_TASK GOAL:_ Take the line with "(forall i i'" and every line after it in the data. Transcribe them exactly, through the last.

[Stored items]
(* O_n(S) = k  (for S restricted to the invariant domain D) *)
Definition On_eq (Y : Type) (D : Y -> Prop) (S : Y -> Y) (n k : nat) : Prop :=
  card_eq (closed_orbit D S n) k.

Definition Gorbit (gT : finGroupType) (X : Type) (act : gT -> X -> X) (x : X)
  : X -> Prop := fun y => exists g : gT, y = act g x.

Definition is_Gorbit (gT : finGroupType) (X : Type) (act : gT -> X -> X)
  (A : X -> Prop) : Prop := exists x, A = Gorbit act x.

(* T' on orbits: T'(O(x)) = T(O(x)) = O(T x) *)
Definition quotT (X : Type) (T : X -> X) (A : X -> Prop) : X -> Prop :=
  fun y => exists x, A x /\ y = T x.

(* \overline{P}(G), G = [set: gT]: conjugacy classes of subgroups *)
Definition Pbar (gT : finGroupType) : {set {set {set gT}}} :=
  [set ((gval H) :^: [set: gT])%g | H : {group gT}].

Definition rep (gT : finGroupType) (C : {set {set gT}}) : {group gT} :=
  odflt 1%G [pick H : {group gT} | (H :^: [set: gT])%g == C].

Definition Delta (gT : finGroupType) (H : {group gT}) : seq nat :=
  undup [seq #[x]%g | x <- enum ('N_([set: gT])(H) / H)%g].

Definition theta (gT : finGroupType) (H : {group gT}) (delta : nat) : nat :=
  #|[set: gT] : H|%g %/ delta.

Definition seq_a (gT : finGroupType) (b : {set {set gT}} -> nat -> nat -> nat)
    (n : nat) : nat :=
  \sum_(C in Pbar gT) \sum_(delta <- Delta (rep C))
     (if delta %| n then theta (rep C) delta * b C delta (n %/ delta) else 0).

Definition seq_b (gT : finGroupType) (b : {set {set gT}} -> nat -> nat -> nat)
    (n : nat) : nat :=
  \sum_(C in Pbar gT) \sum_(delta <- Delta (rep C)) b C delta n.

From HB Require Import structures.
From Stdlib Require Import Rbase Rbasic_fun Rtrigo_def Lra.
From Stdlib Require Import ClassicalEpsilon FunctionalExtensionality PropExtensionality.
From Stdlib Require List.
From mathcomp Require Import all_boot all_fingroup all_solvable zify.
Set Implicit Arguments. Unset Strict Implicit. Unset Printing Implicit Defensive.

(** The system is a disjoint union of towers. A tower is given by a class [[H]]
    with representative [H], an element [u] of [N_G(H)] whose image in
    [N_G(H)/H] has order [δ], a height [m >= 1] and a copy index
    [j < b^{[H]_δ}_m]; its points are the pairs [(A, i)] with [A] a left coset
    of [H] and [i < m]. [T] raises [i] by one and, from the top floor, returns
    to floor [0] while replacing [A] by [A u]; [G] acts on [A] from the left,
    which commutes with [T]. As [A u^c = A] iff [δ | c], every point has
    [T]-period [δ m], and the [T]-orbits of a tower correspond to the left
    cosets of [<u>H], of which there are [[G : H]/δ = θ]. The cosets on one
    floor form a single [G]-orbit, so the quotient of a tower is one
    [T']-cycle of length [m]. Summing over the towers with [δ m = n] (resp.
    [m = n]) gives [O_n(T) = a_n] and [O_n(T') = b_n].

    The countably many points form a compact metric space in which all points
    are isolated except one, the only point of the tower of [[G]] with
    [δ = m = 1] and [j = 0] (it exists because [b_1^{[G]} >= 1]), towards
    which the points of level [m + j] converge: [d(x, y) = max(w x, w y)] for
    [x <> y], with [w = 1/(level + 1)] and [w = 0] at that fixed point. There
    are finitely many points of each level, and [T], [T^-1] and the action
    preserve levels, hence are isometries. *)

(** * Closed orbits and quotient systems *)

Lemma card_eq_image (Y : Type) (F : finType) (f : F -> Y) (P : Y -> Prop) :
  injective f -> (forall y, P y <-> exists i, f i = y) -> card_eq P #|F|.
Proof.
move=> injf Pf; exists (fun k => f (enum_val k)); split.
  by move=> k k' /injf /enum_val_inj.
move=> y; rewrite Pf; split=> [[i <-]|[k <-]]; last by exists (enum_val k).
by exists (enum_rank i); rewrite enum_rankK.
Qed.

Lemma card_eq_leq (Y : Type) (P : Y -> Prop) n t (g : nat -> Y) :
  card_eq P n -> (forall y, P y -> exists2 s, s < t & y = g s) -> n <= t.
Proof.
case=> f [injf Pf] Pg.
have idx k : {s : 'I_t | f k = g s}.
  apply: constructive_indefinite_description.
  have [s st ->] := Pg _ (proj2 (Pf (f k)) (ex_intro _ k erefl)).
  by exists (Ordinal st).
suff /leq_card : injective (fun k => sval (idx k)) by rewrite !card_ord.
by move=> k k' E; apply: injf; rewrite (svalP (idx k)) (svalP (idx k')) E.
Qed.

Section ClosedOrbits.
Variables (Y : Type) (S : Y -> Y).

Lemma iter_mul_fixed x n q : iter n S x = x -> iter (q * n) S x = x.
Proof. by move=> Sn; elim: q => [|q IH] //; rewrite mulSn iterD IH Sn. Qed.

Lemma iter_modn_fixed x n k : iter n S x = x -> iter k S x = iter (k %% n) S x.
Proof.
by move=> Sn; rewrite {1}(divn_eq k n) addnC iterD iter_mul_fixed.
Qed.

Lemma orbit_set_iter x n t :
  0 < n -> iter n S x = x -> orbit_set S (iter t S x) n = orbit_set S x n.
Proof.
move=> n_gt0 Sn; apply: functional_extensionality => y.
apply: propositional_extensionality; split=> -[k [kn ->]].
  exists ((k + t) %% n); split; first by rewrite ltn_mod.
  by rewrite -iterD; apply: iter_modn_fixed.
exists ((k + n.-1 * t) %% n); split; first by rewrite ltn_mod.
rewrite -iterD [RHS](iter_modn_fixed _ Sn) modnDml -addnA -mulSnr prednK //.
by rewrite -modnDmr modnMr addn0 (modn_small kn).
Qed.

Lemma card_eq_orbit_set x n :
  iter n S x = x -> (forall t, 0 < t < n -> iter t S x <> x) ->
  card_eq (orbit_set S x n) n.
Proof.
move=> Sn minn.
have lt_neq (k k' : 'I_n) : k < k' -> iter k S x <> iter k' S x.
  move=> kk'; have t_range : 0 < n - k' + k < n by have := ltn_ord k'; lia.
  by move=> E; apply: (minn _ t_range); rewrite iterD E -iterD subnK ?Sn // ltnW.
have inj : injective (fun k : 'I_n => iter k S x).
  move=> k k' E; apply/val_inj; case: (ltngtP k k') => // [kk' | k'k].
    by case: (lt_neq _ _ kk' E).
  by case: (lt_neq _ _ k'k (esym E)).
exists (fun k : 'I_n => iter k S x); split => // y; split.
  by case=> k [kn ->]; exists (Ordinal kn).
by case=> k <-; exists k.
Qed.

Lemma card_eq_orbit_set_min x n :
  card_eq (orbit_set S x n) n -> forall t, 0 < t < n -> iter t S x <> x.
Proof.
move=> card_n t /andP[t_gt0 tn] St.
suff : n <= t by rewrite leqNgt tn.
apply: (card_eq_leq (g := fun s => iter s S x)) card_n _ => _ [k [_ ->]].
by exists (k %% t); [rewrite ltn_mod | apply: iter_modn_fixed].
Qed.

Lemma iter_fixed_min x p :
  (forall k, iter k S x = x <-> p %| k) -> forall t, 0 < t < p -> iter t S x <> x.
Proof.
by move=> per t /andP[t_gt0 tp] /per /(dvdn_leq t_gt0); rewrite leqNgt tp.
Qed.

Lemma iter_fixed_period x n p :
  0 < n -> (forall k, iter k S x = x <-> p %| k) ->
  iter n S x = x -> (forall t, 0 < t < n -> iter t S x <> x) -> p = n.
Proof.
move=> n_gt0 per /per pn minn; have p_le_n := dvdn_leq n_gt0 pn.
case: (ltngtP p n) p_le_n => // p_lt_n _; case: p per pn p_lt_n => [|p] per.
  by rewrite dvd0n => /eqP n0; rewrite n0 in n_gt0.
by move=> _ p_lt_n; case: (minn p.+1) => //; apply/per.
Qed.

Lemma On_eq_transversal (D : Y -> Prop) n (F : finType) (phi : F -> Y) :
  0 < n ->
  (forall i, D (phi i)) ->
  (forall i k, iter k S (phi i) = phi i <-> n %| k) ->
  (forall i i' t, iter t S (phi i) = phi i' -> i = i') ->
  (forall y, D y -> iter n S y = y -> (forall t, 0 < t < n -> iter t S y <> y) ->
     exists i t, y = iter t S (phi i)) ->
  On_eq D S n #|F|.
Proof.
move=> n_gt0 Dphi per disj cover.
apply: (@card_eq_image _ F (fun i => orbit_set S (phi i) n)).
  move=> i i' E; have : orbit_set S (phi i) n (phi i') by rewrite E; exists 0.
  by case=> t [_ Et]; apply: (disj i i' t); rewrite Et.
move=> A; split.
  case=> x [Dx [Sx [-> card_n]]].
  have [i [t ->]] := cover x Dx Sx (card_eq_orbit_set_min card_n).
  by exists i; rewrite orbit_set_iter //; apply/per.
case=> i <-; exists (phi i); split; [exact: Dphi | split; [apply/per | split]] => //.
exact: card_eq_orbit_set (proj2 (per i n) (dvdnn n)) (iter_fixed_min (per i)).
Qed.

_TASK ANSWER:_
  (forall i i' t, iter t S (phi i) = phi i' -> i = i') ->
  (forall y, D y -> iter n S y = y -> (forall t, 0 < t < n -> iter t S y <> y) ->
     exists i t, y = iter t S (phi i)) ->
  On_eq D S n #|F|.
Proof.
move=> n_gt0 Dphi per disj cover.
apply: (@card_eq_image _ F (fun i => orbit_set S (phi i) n)).
  move=> i i' E; have : orbit_set S (phi i) n (phi i') by rewrite E; exists 0.
  by case=> t [_ Et]; apply: (disj i i' t); rewrite Et.
move=> A; split.
  case=> x [Dx [Sx [-> card_n]]].
  have [i [t ->]] := cover x Dx Sx (card_eq_orbit_set_min card_n).
  by exists i; rewrite orbit_set_iter //; apply/per.
case=> i <-; exists (phi i); split; [exact: Dphi | split; [apply/per | split]] => //.
exact: card_eq_orbit_set (proj2 (per i n) (dvdnn n)) (iter_fixed_min (per i)).
Qed.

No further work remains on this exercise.